In an increasingly off-kilter world, here’s an image that also feels a bit bewildering.
My daughter hates looking at this picture (“it’s so weird!”). My son thinks it’s kind of cool (“it looks 2D and 3D at the same time”). And my husband called it “fascinating.” (That’s his shadow on the left riding the chairlift with me.)
“Huh?” That’s my own keen and insightful title for it.
It was intended as the most internally-focused of images—the selfie. During a routine and repetitious chairlift ride I noticed our shadows traveling alongside us up the mountain, like fellow skiers headed to their own obscure and shadowy destination. Perhaps a secret stash of deep and silent snow.
Despite their ubiquitousness—they share our common, adventurous, perplexing, uncertain lives…as long as there’s sunlight—our shadow selves are typically ignored. But this particular morning I saw them (us?) and gave them my attention for a full chairlift ride.

Was this narcissistic, artistic, meditative, or just another way to pass a slow ride hanging out on a cold metal chair? Who knows? Regardless, a real skier appeared briefly and unexpectedly, and he changed that top image entirely, altering its composition and perspective. And now none of us agree on how we see it. I’m OK with that.

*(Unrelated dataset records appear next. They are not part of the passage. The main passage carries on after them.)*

Lemma eqmodX_expn0 {n} k {D} : eqmodX n D 0 -> eqmodX (k * n) (D ^+ k) 0.
Proof.
move=> /eqmodXP[h]; rewrite add0r => ->; apply/eqmodXP.
by exists (h ^+ k); rewrite add0r exprMn -exprM mulnC.
Qed.

Lemma poly_mulX_drop1 {r} : r`_0 = 0 -> r = 'X * drop_poly 1 r.
Proof.
move=> r0; rewrite -[LHS](poly_take_drop 1) mulrC expr1.
suff -> : take_poly 1 r = 0 by rewrite add0r.
by apply/polyP => -[|i]; rewrite coef_take_poly coef0.
Qed.

Lemma eqmodX_comp {n p q r} : r`_0 = 0 -> eqmodX n p q -> eqmodX n (p \Po r) (q \Po r).
Proof.
move=> /poly_mulX_drop1 -> /eqmodXP[h ->]; apply/eqmodXP.
rewrite comp_polyD comp_polyM comp_Xn_poly exprMn.
by eexists; rewrite -mulrA.
Qed.

(* [subrXX] factors [(r + X^n h)^i - r^i] through [X^n h]. *)
Lemma eqmodX_compr {n} p {r r'} : eqmodX n r r' -> eqmodX n (p \Po r) (p \Po r').
Proof.
move=> /eqmodXP[h ->]; apply/eqmodXP; rewrite !comp_polyE.
exists (\sum_(i < size p)
  p`_i *: (h * \sum_(j < i) (r' + 'X^n * h) ^+ (i.-1 - j) * r' ^+ j)).
rewrite mulr_sumr -big_split /=; apply: eq_bigr => i _.
rewrite -scalerAr -scalerDr mulrA; congr (_ *: _).
set s := r' + _; have -> : 'X^n * h = s - r' by rewrite addrAC subrr add0r.
by rewrite -subrXX addrC subrK.
Qed.

Lemma eqmodX_mulX {n p q} : eqmodX n.+1 ('X * p) ('X * q) -> eqmodX n p q.
Proof.
by move/eqmodX_coefP=> pq; apply/eqmodX_coefP => i /(pq i.+1); rewrite !coefXM.
Qed.

Lemma eqmodX_mulr0 {n u D} : u`_0 = 1 -> eqmodX n (u * D) 0 -> eqmodX n D 0.
Proof.
move=> u0 /eqmodX_coefP uD; apply/eqmodX_coefP; elim/ltn_ind => i IHi lt_in.
move: (uD i lt_in); rewrite coefM big_ord_recl u0 mul1r subn0 coef0.
rewrite big1 ?addr0 // => j _.
have lt_ji : (i - bump 0 j < i)%N by have := ltn_ord j; rewrite /bump; lia.
by rewrite IHi ?coef0 ?mulr0 // (ltn_trans lt_ji).
Qed.
(* Let $G=(\mu,\mathcal{V},\mathcal{W},\mathcal{E})$ be a weighted bipartite graph with edge density $\delta>0$. If $G$ is $\theta$-maximal for some $\theta>1$, then $G$ is $(\frac{\theta-1}{\theta}\cdot\delta)$-connected.
   Context: A weighted bipartite graph is $G=(\mu,\mathcal{V},\mathcal{W},\mathcal{E})$ with $\mu:\mathbb{R}_{>0}\to\mathbb{R}_{>0}$, $\mathcal{V},\mathcal{W}$ finite sets of positive reals, $\mathcal{E}\subseteq\mathcal{V}\times\mathcal{W}$. $\mu(\mathcal{T})=\sum_{t\in\mathcal{T}}\mu(t)$ and $\mu(\mathcal{E})=\sum_{(v,w)\in\mathcal{E}}\mu(v)\mu(w)$. Edge density $\delta(G)=\mu(\mathcal{E})/(\mu(\mathcal{V})\mu(\mathcal{W}))$ if $\mathcal{E}\ne\emptyset$, else $0$. For $\theta\ge1$, $\mu^{(\theta)}(G)=\delta(G)^\theta\mu(\mathcal{V})\mu(\mathcal{W})$. A subgraph of $G$ is $(\mu,\mathcal{V}',\mathcal{W}',\mathcal{E}')$ with $\mathcal{V}'\subseteq\mathcal{V}$, $\mathcal{W}'\subseteq\mathcal{W}$, $\mathcal{E}'\subseteq\mathcal{E}\cap(\mathcal{V}'\times\mathcal{W}')$. $G$ is $\theta$-maximal if $\mu^{(\theta)}(G)\ge\mu^{(\theta)}(G')$ for every subgraph $G'$. Neighbourhoods: $\Gamma_G(v)=\{w\in\mathcal{W}:(v,w)\in\mathcal{E}\}$ for $v\in\mathcal{V}$ and $\Gamma_G(w)=\{v\in\mathcal{V}:(v,w)\in\mathcal{E}\}$ for $w\in\mathcal{W}$. $G$ is $\eta$-connected if $\mu(\Gamma_G(v))\ge\eta\,\mu(\mathcal{W})$ for all $v\in\mathcal{V}$ and $\mu(\Gamma_G(w))\ge\eta\,\mu(\mathcal{V})$ for all $w\in\mathcal{W}$. *)

From HB Require Import structures.
From mathcomp Require Import all_boot all_order all_algebra.
From mathcomp Require Import finmap.
From mathcomp Require Import reals exp.
Set Implicit Arguments. Unset Strict Implicit. Unset Printing Implicit Defensive.
Import Order.TTheory GRing.Theory Num.Theory.
Local Open Scope ring_scope.
Local Open Scope fset_scope.

Section Defs.
Variable R : realType.
Implicit Types (mu : R -> R) (V W : {fset R}) (E : {fset R * R}).

Definition muS mu V : R := \sum_(v <- V) mu v.
Definition muE mu E : R := \sum_(e <- E) mu e.1 * mu e.2.

Definition wbgraph mu V W E : Prop :=
  (forall x : R, 0 < x -> 0 < mu x) /\
  (forall v, v \in V -> 0 < v) /\ (forall w, w \in W -> 0 < w) /\
  (forall e, e \in E -> e.1 \in V /\ e.2 \in W).

Definition density mu V W E : R :=
  if E == fset0 then 0 else muE mu E / (muS mu V * muS mu W).

Definition mu_theta (theta : R) mu V W E : R :=
  powR (density mu V W E) theta * muS mu V * muS mu W.

Definition subgraph V' W' E' V W E : Prop :=
  V' `<=` V /\ W' `<=` W /\ E' `<=` E /\
  (forall e, e \in E' -> e.1 \in V' /\ e.2 \in W').

Definition theta_maximal (theta : R) mu V W E : Prop :=
  forall V' W' E', subgraph V' W' E' V W E ->
    mu_theta theta mu V' W' E' <= mu_theta theta mu V W E.

Definition nbhdV V W E (v : R) : {fset R} := [fset w in W | (v, w) \in E].
Definition nbhdW V W E (w : R) : {fset R} := [fset v in V | (v, w) \in E].

Definition eta_connected (eta : R) mu V W E : Prop :=
  (forall v, v \in V -> eta * muS mu W <= muS mu (nbhdV V W E v)) /\
  (forall w, w \in W -> eta * muS mu V <= muS mu (nbhdW V W E w)).
End Defs.

From HB Require Import structures.
From mathcomp Require Import all_boot all_order all_algebra.
From mathcomp Require Import finmap.
From mathcomp Require Import interval_inference reals exp convex.
From mathcomp Require Import ring lra.
Set Implicit Arguments. Unset Strict Implicit. Unset Printing Implicit Defensive.
Import Order.TTheory GRing.Theory Num.Theory.
Local Open Scope fset_scope.
Local Open Scope ring_scope.

(* Deleting a vertex v of weight a whose neighbourhood has mass d removes mass a
   from its side and a d from the edges. With c = (theta - 1) / theta,
   s = mu(V - v) / mu(V) and r = mu(E') / mu(E), the ratio of the new to the old
   value of mu^(theta) is r^theta / s^(theta - 1), and concavity of ln gives
   c ln s <= ln (c s + 1 - c), which is < ln r as soon as d < c delta mu(W).
   So theta-maximality forces d >= c delta mu(W) for every vertex of V; the
   vertices of W are handled by transposing the graph. *)

Section ThetaMass.
Variable R : realType.

Lemma concave_ln1 (c x : R) :
  0 <= c <= 1 -> 0 < x -> c * ln x <= ln (c * x + (1 - c)).
Proof.
move=> /andP[c0 c1] x0.
have := @concave_ln R (Itv01 c0 c1) x 1 x0 ltr01.
by rewrite !convRE /= ln1 mulr0 addr0 mulr1.
Qed.

Lemma subr1_div_itv01 (theta : R) : 1 < theta -> 0 <= (theta - 1) / theta <= 1.
Proof.
move=> th1; have th0 : 0 < theta by lra.
by rewrite divr_ge0 ?ler_pdivrMr ?mul1r /=; lra.
Qed.

Definition theta_mass (theta M S T : R) : R := powR (M / (S * T)) theta * S * T.

Lemma theta_mass_gt0 theta (M S T : R) :
  0 < M -> 0 < S -> 0 < T -> 0 < theta_mass theta M S T.
Proof. by move=> *; rewrite !mulr_gt0 ?powR_gt0 ?divr_gt0 ?mulr_gt0. Qed.

Lemma ln_theta_mass theta (M S T : R) : 0 < M -> 0 < S -> 0 < T ->
  ln (theta_mass theta M S T) = theta * ln M - (theta - 1) * (ln S + ln T).
Proof.
move=> M0 S0 T0; have ST0 : 0 < S * T by rewrite mulr_gt0.
rewrite /theta_mass !lnM ?posrE ?mulr_gt0 ?powR_gt0 ?divr_gt0 //.
by rewrite ln_powR ln_div ?lnM ?posrE //; ring.
Qed.

Lemma deletion_edge_mass_gt0 (c M S a d : R) :
  0 <= c <= 1 -> 0 <= S -> 0 <= a -> 0 <= d ->
  d * (S + a) < c * (M + a * d) -> 0 < M.
Proof.
move=> /andP[c0 c1] S0 a0 d0 small.
have dS0 : 0 <= d * S by rewrite mulr_ge0.
have cad : c * (a * d) <= a * d by rewrite ler_piMl ?mulr_ge0.
rewrite ltNge; apply/negP => M0.
have := mulr_ge0_le0 c0 M0; lra.
Qed.

Lemma deletion_log_gain (c M S a d : R) :
  0 <= c <= 1 -> 0 < M -> 0 < S -> 0 < a -> 0 <= d ->
  d * (S + a) < c * (M + a * d) ->
  c * (ln S - ln (S + a)) < ln M - ln (M + a * d).
Proof.
move=> /andP[c0 c1] M0 S0 a0 d0 small.
have Sa0 : 0 < S + a by rewrite addr_gt0.
have Mad0 : 0 < M + a * d by have := mulr_ge0 (ltW a0) d0; lra.
have s0 : 0 < S / (S + a) by rewrite divr_gt0.
rewrite -!ln_div ?posrE //.
apply: le_lt_trans (concave_ln1 _ s0) _; first by rewrite c0 c1.
rewrite ltr_ln ?posrE ?divr_gt0 //; last first.
  have s1 : S / (S + a) <= 1 by rewrite ler_pdivrMr // mul1r lerDl ltW.
  have : 0 <= (1 - c) * (1 - S / (S + a)) by rewrite mulr_ge0 ?subr_ge0.
  nra.
rewrite -subr_gt0.
have -> : M / (M + a * d) - (c * (S / (S + a)) + (1 - c)) =
          a * (c * (M + a * d) - d * (S + a)) / ((M + a * d) * (S + a)).
  by field; rewrite !gt_eqF.
by rewrite divr_gt0 ?mulr_gt0 // subr_gt0.
Qed.

Lemma theta_mass_deletion_gain theta (M S T a d : R) :
  1 < theta -> 0 < M -> 0 < S -> 0 < T -> 0 < a -> 0 <= d ->
  d * (S + a) < (theta - 1) / theta * (M + a * d) ->
  theta_mass theta (M + a * d) (S + a) T < theta_mass theta M S T.
Proof.
move=> th1 M0 S0 T0 a0 d0 small.
have th0 : 0 < theta by lra.
have Sa0 : 0 < S + a by rewrite addr_gt0.
have Mad0 : 0 < M + a * d by have := mulr_ge0 (ltW a0) d0; lra.
rewrite -ltr_ln ?posrE ?theta_mass_gt0 // !ln_theta_mass //.
have := deletion_log_gain (subr1_div_itv01 th1) M0 S0 a0 d0 small.
rewrite -(ltr_pM2l th0) mulrA mulrCA divff ?gt_eqF // mulr1.
lra.
Qed.

End ThetaMass.

Section WeightedBipartiteGraph.
Variables (R : realType) (mu : R -> R).
Implicit Types (T V W : {fset R}) (E : {fset R * R}).

Lemma muS_ge0 T : {in T, forall x, 0 <= mu x} -> 0 <= muS mu T.
Proof. by move=> mu_ge0; rewrite /muS big_seq sumr_ge0. Qed.

Lemma muS_gt0 T x : {in T, forall y, 0 < mu y} -> x \in T -> 0 < muS mu T.
Proof.
move=> mu_gt0 xT; rewrite /muS (big_fsetD1 x) //= ltr_pwDl ?mu_gt0 //.
by apply: muS_ge0 => y; rewrite in_fsetD1 => /andP[_ /mu_gt0 /ltW].
Qed.

Lemma muS_fsetD1 T x : x \in T -> muS mu T = muS mu (T `\ x) + mu x.
Proof. by move=> xT; rewrite /muS (big_fsetD1 x) //= addrC. Qed.

Lemma muE_neq0 E : muE mu E != 0 -> E != fset0.
Proof. by apply: contraNneq => ->; rewrite /muE big_seq_fset0. Qed.

Lemma muE_nbhdV V W E v : (forall e, e \in E -> e.2 \in W) ->
  muE mu E = muE mu [fset e in E | e.1 != v] + mu v * muS mu (nbhdV V W E v).
Proof.
move=> EW; rewrite /muE (big_fsetID _ (fun e : R * R => e.1 == v)) /= addrC.
congr (_ + _); set Ev := [fset e in E | e.1 == v].
have -> : nbhdV V W E v = [fset e.2 | e in Ev].
  apply/fsetP => w; rewrite !inE /=; apply/idP/imfsetP => [/andP[wW vwE]|].
    by exists (v, w); rewrite //= !inE vwE eqxx.
  case=> -[x y]; rewrite inE /= => /andP[xyE /eqP xv] ->.
  by rewrite -xv xyE (EW _ xyE).
rewrite /muS [in RHS]big_imfset /=; last first.
  by move=> [x y] [x' y']; rewrite !inE /= => /andP[_ /eqP ->] /andP[_ /eqP ->] ->.
by rewrite big_distrr; apply: eq_fbigr => e; rewrite inE => /andP[_ /eqP ->].
Qed.

Lemma subgraph_deleteV V W E v : (forall e, e \in E -> e.1 \in V /\ e.2 \in W) ->
  subgraph (V `\ v) W [fset e in E | e.1 != v] V W E.
Proof.
move=> ends; split; [exact: fsubsetDl | split; [exact: fsubset_refl | split]].
  by apply/fsubsetP => e; rewrite inE => /andP[].
by move=> e; rewrite !inE => /andP[/ends [-> ->] ->].
Qed.

Lemma mu_theta_mass theta V W E : E != fset0 ->
  mu_theta theta mu V W E = theta_mass theta (muE mu E) (muS mu V) (muS mu W).
Proof. by move=> E_neq0; rewrite /mu_theta /density (negbTE E_neq0). Qed.

Definition transposeE E : {fset R * R} := [fset (e.2, e.1) | e in E].

Lemma mem_transposeE E e : (e \in transposeE E) = ((e.2, e.1) \in E).
Proof.
apply/imfsetP/idP => [[[x y] xyE ->] //|eE].
by exists (e.2, e.1); last by case: e eE.
Qed.

Lemma transposeEK : involutive transposeE.
Proof. by move=> E; apply/fsetP => e; rewrite !mem_transposeE; case: e. Qed.

Lemma transposeE_eq0 E : (transposeE E == fset0) = (E == fset0).
Proof.
apply/eqP/eqP => [E'0|->]; last exact: imfset0.
by rewrite -[E]transposeEK E'0; exact: imfset0.
Qed.

Lemma muE_transpose E : muE mu (transposeE E) = muE mu E.
Proof.
rewrite /muE big_imfset /=; last by move=> [x y] [x' y'] _ _ [-> ->].
by apply: eq_bigr => e _; rewrite mulrC.
Qed.

Lemma density_transpose V W E :
  density mu W V (transposeE E) = density mu V W E.
Proof. by rewrite /density transposeE_eq0 muE_transpose [muS _ W * _]mulrC. Qed.

Lemma mu_theta_transpose theta V W E :
  mu_theta theta mu W V (transposeE E) = mu_theta theta mu V W E.
Proof. by rewrite /mu_theta density_transpose -!mulrA [muS _ W * _]mulrC. Qed.

Lemma subgraph_transpose V' W' E' V W E : subgraph V' W' E' V W E ->
  subgraph W' V' (transposeE E') W V (transposeE E).
Proof.
move=> [V'V [W'W [E'E ends']]]; split=> //; split=> //; split.
  by apply/fsubsetP => e; rewrite !mem_transposeE; apply: (fsubsetP E'E).
by move=> e; rewrite mem_transposeE => /ends' [].
Qed.

Lemma theta_maximal_transpose theta V W E : theta_maximal theta mu V W E ->
  theta_maximal theta mu W V (transposeE E).
Proof.
move=> Gmax W' V' E' /subgraph_transpose; rewrite transposeEK => /Gmax.
by rewrite -[E' in X in X <= _]transposeEK !mu_theta_transpose.
Qed.

Lemma wbgraph_transpose V W E : wbgraph mu V W E -> wbgraph mu W V (transposeE E).
Proof.
move=> [mu_gt0 [V_gt0 [W_gt0 ends]]]; split=> //; split=> //; split=> // e.
by rewrite mem_transposeE => /ends [].
Qed.

Lemma nbhdW_transpose V W E w : nbhdW V W E w = nbhdV W V (transposeE E) w.
Proof. by apply/fsetP => x; rewrite !inE mem_transposeE. Qed.

Lemma theta_maximal_nbhdV theta V W E v :
  wbgraph mu V W E -> 0 < density mu V W E -> 1 < theta ->
  theta_maximal theta mu V W E -> v \in V ->
  (theta - 1) / theta * density mu V W E * muS mu W <= muS mu (nbhdV V W E v).
Proof.
move=> [mu_gt0 [V_gt0 [W_gt0 ends]]] dens_gt0 th1 Gmax vV.
have E_neq0 : E != fset0.
  by move: dens_gt0; rewrite /density; case: eqP => // _; rewrite ltxx.
have [e0 e0E] := fset0Pn _ E_neq0.
have muV : {in V, forall x, 0 < mu x} by move=> x /V_gt0 /mu_gt0.
have muW : {in W, forall x, 0 < mu x} by move=> x /W_gt0 /mu_gt0.
have SV_gt0 := muS_gt0 muV (ends _ e0E).1.
have SW_gt0 := muS_gt0 muW (ends _ e0E).2.
have c01 := subr1_div_itv01 th1.
set c := (theta - 1) / theta in c01 *; set d := muS mu (nbhdV V W E v).
set V' := V `\ v; set E' := [fset e in E | e.1 != v].
have SV_split : muS mu V = muS mu V' + mu v by exact: muS_fsetD1.
have ME_split : muE mu E = muE mu E' + mu v * d.
  by apply: muE_nbhdV => e /ends [].
rewrite leNgt; apply/negP => small.
have {}small : d * (muS mu V' + mu v) < c * (muE mu E' + mu v * d).
  rewrite -SV_split -ME_split -ltr_pdivlMr //; move: small.
  rewrite /density (negbTE E_neq0).
  rewrite [X in _ < X -> _](_ : _ = c * muE mu E / muS mu V) //.
  by field; rewrite !gt_eqF.
have d_ge0 : 0 <= d by apply: muS_ge0 => x; rewrite inE => /andP[/muW /ltW].
have SV'_ge0 : 0 <= muS mu V'.
  by apply: muS_ge0 => x; rewrite inE => /andP[_ /muV /ltW].
have ME'_gt0 := deletion_edge_mass_gt0 c01 SV'_ge0 (ltW (muV _ vV)) d_ge0 small.
have E'_neq0 := muE_neq0 (lt0r_neq0 ME'_gt0).
have [e eE'] := fset0Pn _ E'_neq0.
have SV'_gt0 : 0 < muS mu V'.
  apply: (muS_gt0 (x := e.1)) => [x|]; first by rewrite inE => /andP[_ /muV].
  by move: eE'; rewrite !inE => /andP[/ends [-> _] ->].
have := Gmax _ _ _ (subgraph_deleteV v ends).
rewrite !mu_theta_mass // SV_split ME_split leNgt => /negP; apply.
exact: theta_mass_deletion_gain th1 ME'_gt0 SV'_gt0 SW_gt0 (muV _ vV) d_ge0 small.
Qed.

End WeightedBipartiteGraph.

Theorem lemma5p9 (R : realType) (mu : R -> R) (V W : {fset R}) (E : {fset R * R})
  (theta : R) :
  wbgraph mu V W E ->
  0 < density mu V W E ->
  1 < theta ->
  theta_maximal theta mu V W E ->
  eta_connected ((theta - 1) / theta * density mu V W E) mu V W E.
Proof.
move=> G dens_gt0 th1 Gmax; split=> [v vV | w wW].
  exact: theta_maximal_nbhdV.
rewrite nbhdW_transpose -density_transpose.
apply: theta_maximal_nbhdV => //.
- exact: wbgraph_transpose.
- by rewrite density_transpose.
- exact: theta_maximal_transpose.
Qed.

Change is constant, even as it’s unexpected. Perspective matters. We travel the same paths, chairlift rides, trails over and over, but are they really the same each time? And do we even notice? A few rides and clouds later and these shadow selves were gone, maybe off to mysterious haunts.
Shifting perspectives can be intriguing and necessary on occasion, even when we’re left uncertain and thinking “huh.”

No word yet from those stealth skiers on their secret ski spots.